Imprenditore spagnolo spiega come i Castro utilizzano GAESA per depredare Cuba



Coque Yustas (El Inconformista)Foto © Instagram @el.incorformista

L'imprenditore e comunicatore asturiano Coque Yustas, creatore del podcast El Inconformista, ha pubblicato un video su Instagram nel quale spiega con dettaglio come il conglomerato imprenditoriale GAESA operi come un meccanismo di arricchimento della dirigenza castrista a spese del popolo cubano.

Nel video di quasi tre minuti, intitolato «GAESA: Come i Castro hanno saccheggiato Cuba», Yustas pone una domanda che riassume il nucleo della sua analisi.

«Com'è possibile che, per quanto inefficace e disastrosa possa essere la gestione dei proceri comunisti cubani, abbiano preso un paese che occupava i primi posti a livello mondiale in termini di prosperità e lo abbiano fatto scivolare praticamente al livello dei paesi più poveri dell'Africa?»

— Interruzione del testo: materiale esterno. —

(* For $b>0$ define $f_b:[0,1]\to\mathbb{R}$ by $f_b(x)=\dfrac{(b+1)x}{b+\sqrt{1-x^2}}$. Then: (i) $b_1=\dfrac{2}{\pi-2}$ is the largest value of $b>0$ such that $\arcsin x\le f_b(x)$ for all $x\in[0,1]$; (ii) $b_2=2$ is the smallest value of $b>0$ such that $f_b(x)\le \arcsin x$ for all $x\in[0,1]$; (iii) for every $b\in(b_1,2)$ the function $h_b(x)=f_b(x)-\arcsin x$ has a root in the open interval $(0,1)$.
   Context: The functions $f_b$ are exactly the members of the family $\Phi_{a,b}(x)=\frac{ax}{b+\sqrt{1-x^2}}$ ($a,b>0$) satisfying $\Phi_{a,b}(0)=\arcsin 0$ and $\Phi_{a,b}'(0)=\arcsin'(0)$. *)

From Stdlib Require Export Reals.
Open Scope R_scope.

Definition f_b (b x : R) : R := (b + 1) * x / (b + sqrt (1 - x ^ 2)).

Definition h_b (b x : R) : R := f_b b x - asin x.

Definition b1 : R := 2 / (PI - 2).

(** Put x = sin t with t in [0, PI/2]. Then h_b(x) has the sign of
    h_num b t = (b+1) sin t - t (b + cos t), which vanishes at t = 0 and equals
    (PI/2 - 1)(b1 - b) at t = PI/2. With t = 2u its derivative is
    4u sin u (cos u - (b/2) sin u / u), and for b <= 2 the bracket is nonincreasing;
    so the derivative changes sign at most once, from + to -, and h_num b stays above the
    smaller of its endpoint values. For b = b1 both are 0, which gives (i); testing x = 1
    gives maximality. The bound in (ii) is Cusa's inequality 3 sin t <= t (2 + cos t); it is
    optimal because for b < 2 Taylor expansion gives h_num b t ~ (2 - b) t^3 / 6 > 0 near 0.
    For b1 < b < 2, h_num b is positive near 0 and negative at PI/2, and the intermediate
    value theorem gives (iii). *)

From Stdlib Require Import Reals Lra Psatz Classical.
From Coquelicot Require Import Coquelicot.
Open Scope R_scope.

Lemma Rle_of_derive_nonneg (f f' : R -> R) a c : a <= c ->
  (forall t, a <= t <= c -> is_derive f t (f' t)) ->
  (forall t, a <= t <= c -> 0 <= f' t) -> f a <= f c.
Proof.
  intros Hac Hd Hpos.
  destruct (Req_dec a c) as [<-|Hne]; [lra|].
  destruct (MVT_cor2 f f' a c) as [t [Hmvt Ht]]; [lra| |].
  - intros t Ht. apply is_derive_Reals, Hd. exact Ht.
  - assert (0 <= f' t) by (apply Hpos; lra). nra.
Qed.

Lemma Rge_of_derive_nonpos (f f' : R -> R) a c : a <= c ->
  (forall t, a <= t <= c -> is_derive f t (f' t)) ->
  (forall t, a <= t <= c -> f' t <= 0) -> f c <= f a.
Proof.
  intros Hac Hd Hneg.
  enough (- f a <= - f c) by lra.
  apply (Rle_of_derive_nonneg (fun t => - f t) (fun t => - f' t)); [exact Hac| |].
  - intros t Ht. apply (is_derive_opp f), Hd. exact Ht.
  - intros t Ht. specialize (Hneg t Ht). lra.
Qed.

Lemma Rmin_ends_le_of_derive_sign_change (f f' : R -> R) a c x :
  (forall t, a <= t <= c -> is_derive f t (f' t)) ->
  (forall s t, a <= s <= t -> t <= c -> f' s < 0 -> f' t <= 0) ->
  a <= x <= c -> Rmin (f a) (f c) <= f x.
Proof.
  intros Hd Hsign Hx.
  destruct (classic (exists s, a <= s <= x /\ f' s < 0)) as [[s [Hs Hneg]]|Hnone].
  - apply Rle_trans with (f c); [apply Rmin_r|].
    apply (Rge_of_derive_nonpos f f'); [lra| |].
    + intros t Ht. apply Hd. lra.
    + intros t Ht. apply (Hsign s); lra.
  - apply Rle_trans with (f a); [apply Rmin_l|].
    apply (Rle_of_derive_nonneg f f'); [lra| |].
    + intros t Ht. apply Hd. lra.
    + intros t Ht. apply Rnot_lt_le. intros Hlt. apply Hnone. exists t. split; [lra|exact Hlt].
Qed.

Ltac expand_taylor_sum :=
  cbn [sum_f_R0 Nat.mul Nat.add]; rewrite ?fact_simpl, ?mult_INR; simpl; field.

Lemma sin_bounds t : 0 <= t <= PI ->
  t - t^3/6 <= sin t <= t - t^3/6 + t^5/120.
Proof.
  intros Ht. pose proof PI_4.
  assert (Hlb : sin_lb t = t - t^3/6 + t^5/120 - t^7/5040)
    by (unfold sin_lb, sin_approx, sin_term; expand_taylor_sum).
  assert (Hub : sin_ub t = t - t^3/6 + t^5/120 - t^7/5040 + t^9/362880)
    by (unfold sin_ub, sin_approx, sin_term; expand_taylor_sum).
  destruct (SIN t) as [Hl Hu]; try lra.
  assert (0 <= t^5 * (42 - t^2)) by (apply Rmult_le_pos; [apply pow_le|]; nra).
  assert (0 <= t^7 * (72 - t^2)) by (apply Rmult_le_pos; [apply pow_le|]; nra).
  split; nra.
Qed.

Lemma cos_bounds t : -(PI/2) <= t <= PI/2 ->
  1 - t^2/2 + t^4/24 - t^6/720 <= cos t <= 1 - t^2/2 + t^4/24.
Proof.
  intros Ht. pose proof PI_4.
  assert (Hlb : cos_lb t = 1 - t^2/2 + t^4/24 - t^6/720)
    by (unfold cos_lb, cos_approx, cos_term; expand_taylor_sum).
  assert (Hub : cos_ub t = 1 - t^2/2 + t^4/24 - t^6/720 + t^8/40320)
    by (unfold cos_ub, cos_approx, cos_term; expand_taylor_sum).
  destruct (COS t) as [Hl Hu]; try lra.
  assert (0 <= (t^3)^2 * (56 - t^2)) by (apply Rmult_le_pos; [apply pow2_ge_0|nra]).
  split; nra.
Qed.

Lemma sin_sub_mul_cos_le t : 0 <= t <= 1 -> sin t - t * cos t <= t^2 * sin t.
Proof.
  intros Ht. pose proof PI2_3_2.
  destruct (sin_bounds t) as [Sl Su]; [lra|].
  destruct (cos_bounds t) as [Cl _]; [lra|].
  assert (t^2 * (t - t^3/6) <= t^2 * sin t) by (apply Rmult_le_compat_l; [nra|lra]).
  assert (t * (1 - t^2/2 + t^4/24 - t^6/720) <= t * cos t) by (apply Rmult_le_compat_l; lra).
  assert (0 <= t^3 * (2/3 - 2*t^2/15 - t^4/720)).
  { apply Rmult_le_pos; [apply pow_le; lra|].
    assert (t^2 <= 1) by nra. assert (t^4 <= 1) by nra. lra. }
  nra.
Qed.

Lemma cusa_inequality t : 0 <= t <= PI/2 -> 3 * sin t <= t * (2 + cos t).
Proof.
  intros Ht. pose proof PI_4.
  destruct (sin_bounds t) as [_ Su]; [lra|].
  destruct (cos_bounds t) as [Cl _]; [lra|].
  assert (t * (1 - t^2/2 + t^4/24 - t^6/720) <= t * cos t) by (apply Rmult_le_compat_l; lra).
  assert (0 <= t^5 * (12 - t^2)) by (apply Rmult_le_pos; [apply pow_le; lra|nra]).
  nra.
Qed.

Definition h_num (b t : R) : R := (b + 1) * sin t - t * (b + cos t).

Definition slope_factor (b u : R) : R := cos u - b / 2 * (sin u / u).

Lemma is_derive_h_num b t : is_derive (h_num b) t (b * cos t - b + t * sin t).
Proof. unfold h_num. auto_derive; [easy|ring]. Qed.

Lemma h_num_derive_half_angle b u : 0 < u ->
  b * cos (2 * u) - b + 2 * u * sin (2 * u) = 4 * u * sin u * slope_factor b u.
Proof.
  intros Hu. unfold slope_factor. rewrite sin_2a, cos_2a_sin. field. lra.
Qed.

Lemma is_derive_slope_factor b u : 0 < u ->
  is_derive (slope_factor b) u ((b / 2 * (sin u - u * cos u) - u^2 * sin u) / u^2).
Proof. intros Hu. unfold slope_factor. auto_derive; [lra|field; lra]. Qed.

Lemma slope_factor_nonincreasing b u v : 0 <= b <= 2 -> 0 < u <= v -> v <= 1 ->
  slope_factor b v <= slope_factor b u.
Proof.
  intros Hb Huv Hv. pose proof PI2_3_2.
  apply (Rge_of_derive_nonpos (slope_factor b)
           (fun s => (b / 2 * (sin s - s * cos s) - s^2 * sin s) / s^2) u v); [lra| |].
  - intros s Hs. apply is_derive_slope_factor. lra.
  - intros s Hs.
    assert (Hsin : 0 < sin s) by (apply sin_gt_0; lra).
    pose proof (sin_sub_mul_cos_le s ltac:(lra)).
    assert (b / 2 * (sin s - s * cos s) - s^2 * sin s <= 0).
    { destruct (Rle_lt_dec 0 (sin s - s * cos s)); nra. }
    assert (0 < / s^2) by (apply Rinv_0_lt_compat, pow_lt; lra).
    unfold Rdiv. nra.
Qed.

Lemma h_num_nonneg b t : 0 <= b <= 2 -> 0 <= h_num b (PI/2) -> 0 <= t <= PI/2 ->
  0 <= h_num b t.
Proof.
  intros Hb Hend Ht. pose proof PI_4.
  assert (Hstart : h_num b 0 = 0) by (unfold h_num; rewrite sin_0, cos_0; ring).
  apply Rle_trans with (Rmin (h_num b 0) (h_num b (PI/2))).
  { rewrite Hstart. apply Rmin_glb; lra. }
  apply (Rmin_ends_le_of_derive_sign_change (h_num b)
           (fun t => b * cos t - b + t * sin t)); [intros; apply is_derive_h_num| |exact Ht].
  intros s s' Hs Hs' Hneg.
  assert (Hs0 : 0 < s).
  { destruct (Req_dec s 0) as [->|]; [|lra].
    rewrite cos_0, sin_0 in Hneg. lra. }
  replace s with (2 * (s / 2)) in Hneg by field.
  replace s' with (2 * (s' / 2)) by field.
  rewrite h_num_derive_half_angle in Hneg |- * by lra.
  assert (0 < sin (s / 2)) by (apply sin_gt_0; lra).
  assert (0 < sin (s' / 2)) by (apply sin_gt_0; lra).
  assert (Hf : slope_factor b (s / 2) < 0).
  { apply Rnot_le_lt. intros Hf.
    assert (0 <= 4 * (s / 2) * sin (s / 2)) by nra. nra. }
  pose proof (slope_factor_nonincreasing b (s / 2) (s' / 2) Hb ltac:(lra) ltac:(lra)).
  assert (0 <= 4 * (s' / 2) * sin (s' / 2)) by nra. nra.
Qed.

Lemma h_num_PI2 b : h_num b (PI/2) = (PI/2 - 1) * (b1 - b).
Proof.
  pose proof PI2_3_2. unfold h_num, b1. rewrite sin_PI2, cos_PI2. field. lra.
Qed.

Lemma b1_bounds : 0 < b1 < 2.
Proof.
  pose proof PI2_3_2. unfold b1.
  split; [apply Rdiv_lt_0_compat; lra|].
  apply Rmult_lt_reg_r with (PI - 2); [lra|]. field_simplify; lra.
Qed.

Lemma h_num_pos_near_0 b : 0 <= b < 2 -> exists t, 0 < t <= 1 /\ 0 < h_num b t.
Proof.
  intros Hb. pose proof PI2_3_2.
  exists ((2 - b) / 2). set (t := (2 - b) / 2).
  assert (Ht : 0 < t <= 1) by (unfold t; lra).
  assert (Hbt : 2 - b = 2 * t) by (unfold t; field).
  split; [exact Ht|].
  destruct (sin_bounds t) as [Sl _]; [lra|].
  destruct (cos_bounds t) as [_ Cu]; [lra|].
  assert ((b + 1) * (t - t^3/6) <= (b + 1) * sin t) by (apply Rmult_le_compat_l; lra).
  assert (t * cos t <= t * (1 - t^2/2 + t^4/24)) by (apply Rmult_le_compat_l; lra).
  (* the two Taylor bounds give h_num b t >= t^3 (4 (2 - b) - t^2) / 24 *)
  assert (0 < t^3 * (4 * (2 - b) - t^2)).
  { apply Rmult_lt_0_compat; [apply pow_lt; lra|].
    assert (t^2 <= t) by (simpl; nra). lra. }
  unfold h_num. nra.
Qed.

Lemma h_b_sin_mul b t : 0 < b -> 0 <= t <= PI/2 ->
  h_b b (sin t) * (b + cos t) = h_num b t.
Proof.
  intros Hb Ht. pose proof PI2_3_2.
  assert (Hcos : 0 <= cos t) by (apply cos_ge_0; lra).
  unfold h_b, f_b, h_num. rewrite asin_sin by lra.
  replace (sin t ^ 2) with (sin t)² by (unfold Rsqr; ring).
  rewrite <- Rtrigo_facts.cos_sin by lra. field. lra.
Qed.

Lemma h_b_sin_nonneg_iff b t : 0 < b -> 0 <= t <= PI/2 ->
  0 <= h_b b (sin t) <-> 0 <= h_num b t.
Proof.
  intros Hb Ht. pose proof PI2_3_2.
  assert (0 <= cos t) by (apply cos_ge_0; lra).
  rewrite <- (h_b_sin_mul b t) by lra. split; intros; nra.
Qed.

Lemma h_b_sin_nonpos_iff b t : 0 < b -> 0 <= t <= PI/2 ->
  h_b b (sin t) <= 0 <-> h_num b t <= 0.
Proof.
  intros Hb Ht. pose proof PI2_3_2.
  assert (0 <= cos t) by (apply cos_ge_0; lra).
  rewrite <- (h_b_sin_mul b t) by lra. split; intros; nra.
Qed.

Lemma asin_bound_nonneg x : 0 <= x <= 1 -> 0 <= asin x <= PI/2.
Proof.
  intros Hx. pose proof PI2_3_2. pose proof (asin_bound x).
  split; [|lra].
  apply sin_incr_0; try lra. rewrite sin_0, sin_asin; lra.
Qed.

Lemma asin_le_f_b1 x : 0 <= x <= 1 -> asin x <= f_b b1 x.
Proof.
  intros Hx. pose proof b1_bounds.
  enough (0 <= h_b b1 x) by (unfold h_b in *; lra).
  rewrite <- (sin_asin x) by lra.
  apply h_b_sin_nonneg_iff; [lra|apply asin_bound_nonneg; exact Hx|].
  apply h_num_nonneg; [lra|rewrite h_num_PI2; lra|apply asin_bound_nonneg; exact Hx].
Qed.

Lemma le_b1_of_asin_le_f_b b : 0 < b ->
  (forall x, 0 <= x <= 1 -> asin x <= f_b b x) -> b <= b1.
Proof.
  intros Hb Hall. pose proof PI2_3_2.
  assert (H1 : 0 <= h_b b (sin (PI/2))).
  { rewrite sin_PI2. specialize (Hall 1 ltac:(lra)). unfold h_b. lra. }
  apply h_b_sin_nonneg_iff in H1; [|lra|lra].
  rewrite h_num_PI2 in H1. nra.
Qed.

Lemma f_b2_le_asin x : 0 <= x <= 1 -> f_b 2 x <= asin x.
Proof.
  intros Hx. pose proof (asin_bound_nonneg x Hx) as Hasin.
  enough (h_b 2 x <= 0) by (unfold h_b in *; lra).
  rewrite <- (sin_asin x) by lra.
  apply h_b_sin_nonpos_iff; [lra|exact Hasin|].
  pose proof (cusa_inequality (asin x) Hasin). unfold h_num. lra.
Qed.

Lemma two_le_of_f_b_le_asin b : 0 < b ->
  (forall x, 0 <= x <= 1 -> f_b b x <= asin x) -> 2 <= b.
Proof.
  intros Hb Hall. pose proof PI2_3_2.
  apply Rnot_lt_le. intros Hb2.
  destruct (h_num_pos_near_0 b ltac:(lra)) as [t [Ht Hpos]].
  assert (Hsin : 0 <= sin t <= 1) by (split; [apply sin_ge_0|apply SIN_bound]; lra).
  assert (Hle : h_b b (sin t) <= 0) by (specialize (Hall _ Hsin); unfold h_b; lra).
  apply h_b_sin_nonpos_iff in Hle; lra.
Qed.

Lemma h_b_has_root b : b1 < b < 2 -> exists x, 0 < x < 1 /\ h_b b x = 0.
Proof.
  intros Hb. pose proof PI2_3_2. pose proof b1_bounds.
  destruct (h_num_pos_near_0 b ltac:(lra)) as [t [Ht Hpos]].
  assert (Hend : h_num b (PI/2) < 0) by (rewrite h_num_PI2; nra).
  assert (Hcont : continuity (h_num b)) by (unfold h_num; reg).
  destruct (IVT_cor (h_num b) t (PI/2) Hcont ltac:(lra) ltac:(nra)) as [z [Hz Hroot]].
  assert (Hz' : t <= z < PI/2) by (destruct (Req_dec z (PI/2)) as [->|]; lra).
  exists (sin z). split.
  - rewrite <- sin_0, <- sin_PI2. split; apply sin_increasing_1; lra.
  - apply Rle_antisym.
    + apply h_b_sin_nonpos_iff; lra.
    + apply h_b_sin_nonneg_iff; lra.
Qed.

Theorem mainTheorem2 :
  (* (i) b1 is the largest b > 0 with asin x <= f_b x on [0,1] *)
  (0 < b1 /\ (forall x, 0 <= x <= 1 -> asin x <= f_b b1 x) /\
   (forall b, 0 < b -> (forall x, 0 <= x <= 1 -> asin x <= f_b b x) -> b <= b1)) /\
  (* (ii) 2 is the smallest b > 0 with f_b x <= asin x on [0,1] *)
  ((forall x, 0 <= x <= 1 -> f_b 2 x <= asin x) /\
   (forall b, 0 < b -> (forall x, 0 <= x <= 1 -> f_b b x <= asin x) -> 2 <= b)) /\
  (* (iii) for b in (b1, 2), h_b has a root in (0,1) *)
  (forall b, b1 < b < 2 -> exists x, 0 < x < 1 /\ h_b b x = 0).
Proof.
  split; [|split].
  - split; [apply b1_bounds|split].
    + exact asin_le_f_b1.
    + exact le_b1_of_asin_le_f_b.
  - split.
    + exact f_b2_le_asin.
    + exact two_le_of_f_b_le_asin.
  - exact h_b_has_root.
Qed.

La sua risposta è diretta: non si tratta solo di incompetenza, ma di corruzione deliberata.

«Le necessità e la miseria che sta vivendo il popolo cubano avvengono a spese dell'arricchimento della cúpula militare dei dirigenti comunisti del paese, dei generali», afferma.

Yustas descrive un GAESA —Grupo de Administración Empresarial S.A.— come un «governo parallelo» che controlla il 40% del PIL cubano senza rendere conto all'Assemblea Nazionale, ai cittadini né a nessuna istituzione.

«GAESA è un governo ombra, un governo che nomina e destituisce ministri perché è il vero potere a Cuba», osserva.

Il conglomerato è stato creato negli anni novanta dai fratelli Fidel e Raúl Castro dopo il crollo sovietico ed è stato diretto per 26 anni dal generale Luis Alberto Rodríguez López-Calleja, genero di Raúl Castro, fino alla sua morte il 1 luglio 2022.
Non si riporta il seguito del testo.